**Activity:** Give again the entries below exactly, beginning at the first line and ending at the line with "f0 fg s /=.".

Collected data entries
□ □ □ □ □

Lemma et_ge0 c C f : nonneg f -> nonneg (et c C f).
Proof.
elim: C f => [|r hr||x d|psi ph C1 IH1 C2 IH2|psi ph C1 IH1|C1 IH1 C2 IH2
             |p /andP[p0 p1] C1 IH1 C2 IH2|C1 IH1 C2 IH2] f f0 s /=.
- exact: f0.
- by rewrite adde_ge0 // mule_ge0 ?ind_ge0 // lee_fin ler0q.
- by [].
- by apply: esum_ge0 => i _; rewrite mule_ge0 // lee_fin Defs.pmf_ge0.
- by rewrite adde_ge0 // mule_ge0 ?ind_ge0 ?IH1 ?IH2.
- exact: lfp_ge0.
- by rewrite le_max IH1.
- by rewrite adde_ge0 // mule_ge0 ?lee_fin ?subr_ge0 ?IH1 ?IH2.
- exact/IH1/IH2.
Qed.

Lemma conf_et_ge0 c f : nonneg f -> forall g, 0 <= conf_et c f g.
Proof. by move=> f0 [C s|s|] /=; rewrite ?et_ge0. Qed.

Lemma et_monotone c C : monotone_on_nonneg (et c C).
Proof.
elim: C => [|r hr||x d|psi ph C1 IH1 C2 IH2|psi ph C1 IH1|C1 IH1 C2 IH2
           |p /andP[p0 p1] C1 IH1 C2 IH2|C1 IH1 C2 IH2] f g f0 fg s /=.
- exact: fg.
- exact: leeD.
- by [].
- apply: le_esum => i _.
  by apply: lee_wpmul2l; [rewrite lee_fin Defs.pmf_ge0 | exact: fg].
- by apply: leeD; apply: lee_wpmul2l; rewrite ?ind_ge0 ?IH1 ?IH2.
- apply: le_lfp => F F0 t; apply: leeD => //.
  by apply: lee_wpmul2l; [exact: ind_ge0 | exact: fg].
- by rewrite ge_max !le_max !IH1 ?IH2 ?orbT.
- by apply: leeD; apply: lee_wpmul2l; rewrite ?lee_fin ?subr_ge0 ?IH1 ?IH2.
- by apply: IH1 => [|t]; [exact: et_ge0 | exact: IH2].
Qed.

Lemma et_while_unfold c psi ph C f : nonneg f -> forall s,
  ind (psi s && ph s) * et c C (et c (While psi ph C) f) s
    + ind (psi s && ~~ ph s) * f s <= et c (While psi ph C) f s.
Proof.
move=> f0; apply: lfp_prefixed => F G F0 FG s; apply: leeD => //.
by apply: lee_wpmul2l; [exact: ind_ge0 | exact: et_monotone].
Qed.

Lemma Expect_pos_assign x d s (g : conf -> \bar R) : (forall a, 0 <= g a) ->
  Expect_pos (assign_md x d s) g <=
    \esum_(i in [set: int]) ((d s i)%:E * g (Term (upd s x i))).
Proof.
move=> g0.
pose e i := (d s i, @Term R Var (upd s x i)).
pose P := [set i : int | (0 < d s i)%R].
rewrite /Expect_pos (@esumT_supp _ _ (e @` P)); last first.
  move=> [q a] not_img /=; rewrite /assign_md asboolF ?mul0r ?mul0e //.
  by move=> [i [di [qe ae]]]; apply: not_img; exists i => //; rewrite /e qe ae.
rewrite esum_image; last first.
  move=> i j _ _ [_ /(congr1 (fun t : store => t x))].
  by rewrite /upd !eqxx.
have terms_ge0 i : 0 <= (d s i)%:E * g (Term (upd s x i)).
  by rewrite mule_ge0 // lee_fin Defs.pmf_ge0.
apply: (@le_trans _ _ (\esum_(i in P) ((d s i)%:E * g (Term (upd s x i)))));
  last exact: le_esum_subset.
apply: le_esum => i Pi /=.
rewrite /assign_md asboolT; last by exists i.
by rewrite mul1r max_l // ltW.
Qed.

Lemma step_sound c (g : conf) w (mu : mdist) : step g w mu ->
  forall f, nonneg f -> ind c * w + Expect_pos mu (conf_et c f) <= conf_et c f g.
Proof.
have dirac_sound (g' : conf) f : nonneg f ->
    ind c * 0 + Expect_pos (mdirac g') (conf_et c f) = conf_et c f g'.
  by move=> f0; rewrite Expect_pos_dirac ?conf_et_ge0 // mule0 add0e.
elim=> {g w mu} [s|r hr s|s|x d s|psi ph C D s H|psi ph C D s H|psi ph C D s H
               |psi ph C s H|psi ph C s H|psi ph C s H|C D s|C D s|p hp C D s
               |C D s w mu nu _ IH nu_image] f f0.
- by rewrite dirac_sound.
- by rewrite Expect_pos_dirac ?conf_et_ge0.
- by rewrite dirac_sound.
- by rewrite mule0 add0e Expect_pos_assign //; exact: conf_et_ge0.
- by rewrite dirac_sound //=; case/andP: H => -> ->; rewrite mul1e mul0e adde0.
- by rewrite dirac_sound //=; case/andP: H => -> /negbTE ->; rewrite mul1e mul0e add0e.
- by rewrite dirac_sound //= (negbTE H) !mul0e adde0.
- rewrite dirac_sound //; apply: le_trans _ (et_while_unfold _ _ _ _ _ f0 s).
  by case/andP: H => -> ->; rewrite mul1e mul0e adde0.
- rewrite dirac_sound //; apply: le_trans _ (et_while_unfold _ _ _ _ _ f0 s).
  by case/andP: H => -> /negbTE ->; rewrite mul1e mul0e add0e.
- by rewrite dirac_sound //; exact: et_ge0.
- by rewrite dirac_sound //= le_max lexx.
- by rewrite dirac_sound //= le_max lexx orbT.
- have /andP[p0 p1] := hp; have g0 := conf_et_ge0 c f f0.
  by rewrite mule0 add0e Expect_posD // !Expect_posZ ?subr_ge0 // !Expect_pos_dirac.
- rewrite (Expect_pos_image _ _ _ _ (conf_et_ge0 c f f0) nu_image).
  have -> : conf_et c f \o kappa D = conf_et c (et c D f) by apply: funext => -[].
  exact/IH/et_ge0.
Qed.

□ □ □ □ □

**Your solution:**
Lemma et_ge0 c C f : nonneg f -> nonneg (et c C f).
Proof.
elim: C f => [|r hr||x d|psi ph C1 IH1 C2 IH2|psi ph C1 IH1|C1 IH1 C2 IH2
             |p /andP[p0 p1] C1 IH1 C2 IH2|C1 IH1 C2 IH2] f f0 s /=.
- exact: f0.
- by rewrite adde_ge0 // mule_ge0 ?ind_ge0 // lee_fin ler0q.
- by [].
- by apply: esum_ge0 => i _; rewrite mule_ge0 // lee_fin Defs.pmf_ge0.
- by rewrite adde_ge0 // mule_ge0 ?ind_ge0 ?IH1 ?IH2.
- exact: lfp_ge0.
- by rewrite le_max IH1.
- by rewrite adde_ge0 // mule_ge0 ?lee_fin ?subr_ge0 ?IH1 ?IH2.
- exact/IH1/IH2.
Qed.

Lemma conf_et_ge0 c f : nonneg f -> forall g, 0 <= conf_et c f g.
Proof. by move=> f0 [C s|s|] /=; rewrite ?et_ge0. Qed.

Lemma et_monotone c C : monotone_on_nonneg (et c C).
Proof.
elim: C => [|r hr||x d|psi ph C1 IH1 C2 IH2|psi ph C1 IH1|C1 IH1 C2 IH2
           |p /andP[p0 p1] C1 IH1 C2 IH2|C1 IH1 C2 IH2] f g f0 fg s /=.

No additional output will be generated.